00:09:53.120 | But we are starting to get good benchmarks for consequential real-world tasks, as in this paper
00:09:59.120 | from the 18th of December. As we'll see, these tasks were sourced from the most common of those
00:10:04.960 | performed in real-world professions. And yes, as of today, just 24% of the tasks can be completed
00:10:12.240 | autonomously, although they weren't able to test O3, for example. Here's the thing though,
00:10:16.960 | that 24% was roughly the performance we were getting from, say, GPT-4 18 months ago on a
00:10:23.520 | benchmark called GPQA - Google-proof, PhD-level science questions. Roughly a year after that,
00:10:30.880 | O1 preview got 70% and O3, by the way, gets 87%. Also, you might note that the pace of improvement
00:10:39.360 | has increased quite dramatically in the last 6 months, basically since the O1 paradigm came out.
00:10:44.560 | I know what some of you might be thinking, is the GPQA that hard? Are they working on a harder one?
00:10:49.520 | Well, check this out. This is from a talk this week by Jason Wei of OpenAI.
00:11:14.240 | All of which is to say, that 24% could become 84% faster than you might think.
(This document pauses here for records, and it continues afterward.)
Theorem lemma2p7 (c1 c2 c3 : R) (hc1 : -1 <= c1) (hc2 : -1 <= c2)
  (hc3 : c3bar c1 c2 < c3)
  (Up : R -> R) (dp : R) (a : nat -> R)
  (hdp : 0 < dp) (ha0 : a 0%nat = tau2 c1)
  (hUp_ser : forall x, -1 < x < -1 + dp -> is_pseries a (x + 1) (Up x))
  (hUp_sol : solves_on c1 c2 c3 Up (-1) (-1 + dp))
  (Um : R -> R) (dm : R) (b : nat -> R)
  (hdm : 0 < dm) (hb0 : b 0%nat = tau1' c2)
  (hUm_ser : forall x, 1 - dm < x < 1 -> is_pseries b (1 - x) (Um x))
  (hUm_sol : solves_on c1 c2 c3 Um (1 - dm) 1) :
  (* U^+ and U^- extend to solutions on (-1,1) *)
  (exists Vp : R -> R, solves_on c1 c2 c3 Vp (-1) 1 /\
     forall x, -1 < x < -1 + dp -> Vp x = Up x) /\
  (exists Vm : R -> R, solves_on c1 c2 c3 Vm (-1) 1 /\
     forall x, 1 - dm < x < 1 -> Vm x = Um x) /\
  (* any such extensions have the stated boundary values and are ordered *)
  (forall Vp Vm : R -> R,
     solves_on c1 c2 c3 Vp (-1) 1 ->
     (forall x, -1 < x < -1 + dp -> Vp x = Up x) ->
     solves_on c1 c2 c3 Vm (-1) 1 ->
     (forall x, 1 - dm < x < 1 -> Vm x = Um x) ->
     filterlim Vp (at_left 1) (locally (tau2' c2)) /\
     filterlim Vm (at_right (-1)) (locally (tau1 c1)) /\
     (forall x, -1 < x < 1 -> Vm x < Vp x)).
Proof.
  assert (hp : linear_limit_m1 Up (tau2 c1))
    by (rewrite <- ha0; exact (linear_limit_m1_pseries a Up dp hdp hUp_ser)).
  assert (hm : linear_limit_m1 (fun y => - Um (- y)) (tau2 c2)).
  { replace (tau2 c2) with (- b 0%nat) by (rewrite hb0; unfold tau1', tau2; ring).
    exact (linear_limit_m1_pseries_mirror b Um dm hdm hUm_ser). }
  split; [| split]; [now apply Uplus_extends | now apply Uminus_extends |].
  intros Vp Vm hVp hVpUp hVm hVmUm.
  assert (hVp' : forall x, -1 < x < 1 -> Vp x = Uplus c1 c2 c3 x).
  { apply (eq_Uplus c1 c2 c3 Vp 1); auto; [lra|].
    exact (linear_limit_m1_ext Vp Up _ dp hdp hVpUp hp). }
  assert (hVm' : forall x, -1 < x < 1 -> Vm x = Uminus c1 c2 c3 x).
  { apply (eq_Uminus c1 c2 c3 Vm (-1)); auto; [lra|].
    apply (linear_limit_m1_ext _ (fun y => - Um (- y)) _ dm hdm); [| exact hm].
    intros y hy. now rewrite hVmUm by lra. }
  split; [| split].
  - now apply (filterlim_Uplus_1 c1 c2 c3).
  - now apply (filterlim_Uminus_m1 c1 c2 c3).
  - intros x hx. rewrite hVp', hVm' by exact hx. now apply Uminus_lt_Uplus.
Qed.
00:11:20.640 | And indeed, that would be my prediction. 84% by the end of 2025. But wait, how impactful
00:11:26.880 | would that jump from, say, 24% to 84% be? Well, to find out, here's my 2-minute summary of this
00:11:33.920 | 24-page paper. First, they trawled a massive database of all tasks done by professionals
00:11:39.760 | in America. They excluded physical labor and focused on those jobs in which a large number
00:11:45.440 | of people performed the job. They also weighted the tasks by the median salary of those performing
00:11:50.800 | the tasks. That narrowed things down to 175 diverse, realistic tasks like arranging meeting
00:11:56.160 | rooms, analysing spreadsheets and screening resumes, which they gave the imaginary setting
00:12:00.960 | of a software engineering company. Some of the tasks, of course, required interaction
00:12:05.600 | with other colleagues and the models could do that, although the colleagues were role-played
00:12:10.160 | by Claude. The tasks should be clear enough so that any human worker would be able to complete
00:12:14.960 | the task without asking for further instructions. Although, of course, they may need to ask
00:12:19.200 | questions of their co-workers. The evaluations of task performance were mostly deterministic,
00:12:24.400 | which is good, and there was a heavy weighting toward whether the model could fully complete
00:12:29.360 | the task. Partial completion would always result in less than half marks. Here's an example of
00:12:34.880 | a task with multiple steps and checkpoints, and if at one point to run a code coverage script,
00:12:41.680 | it didn't recognize it needed to install certain dependencies, it would fail that checkpoint and
00:12:46.000 | therefore for this score of 4 out of 8, it would actually get 25% only. You can see the final
00:12:51.680 | results here and you might wonder why I'm predicting 84% by the end of the year if even
00:12:57.600 | Claude is getting, say, 24%. If we're that far away from task automation, why was it reported
00:13:03.680 | yesterday that OpenAI are releasing a computer-using agent as soon as this month? Indeed,
00:13:09.920 | why have Anthropic already released a computer-use agent in beta? That launch from Anthropic was
00:13:15.840 | apparently mocked by OpenAI leaders because of its risks for things like prompt injection
00:13:20.960 | and Anthropic's high-minded rhetoric, it says, about AI safety. The reason, though,
00:13:25.440 | that that prediction and all of these releases can still make sense despite these disappointing
00:13:30.880 | results is because of reinforcement learning. That, after all, is the secret to why O1 and now
00:13:36.880 | O3 has broken the benchmark that it has done. Push a model to try again and again and again
00:13:43.040 | until it completes a task successfully and then reinforce those weights that led it to doing so.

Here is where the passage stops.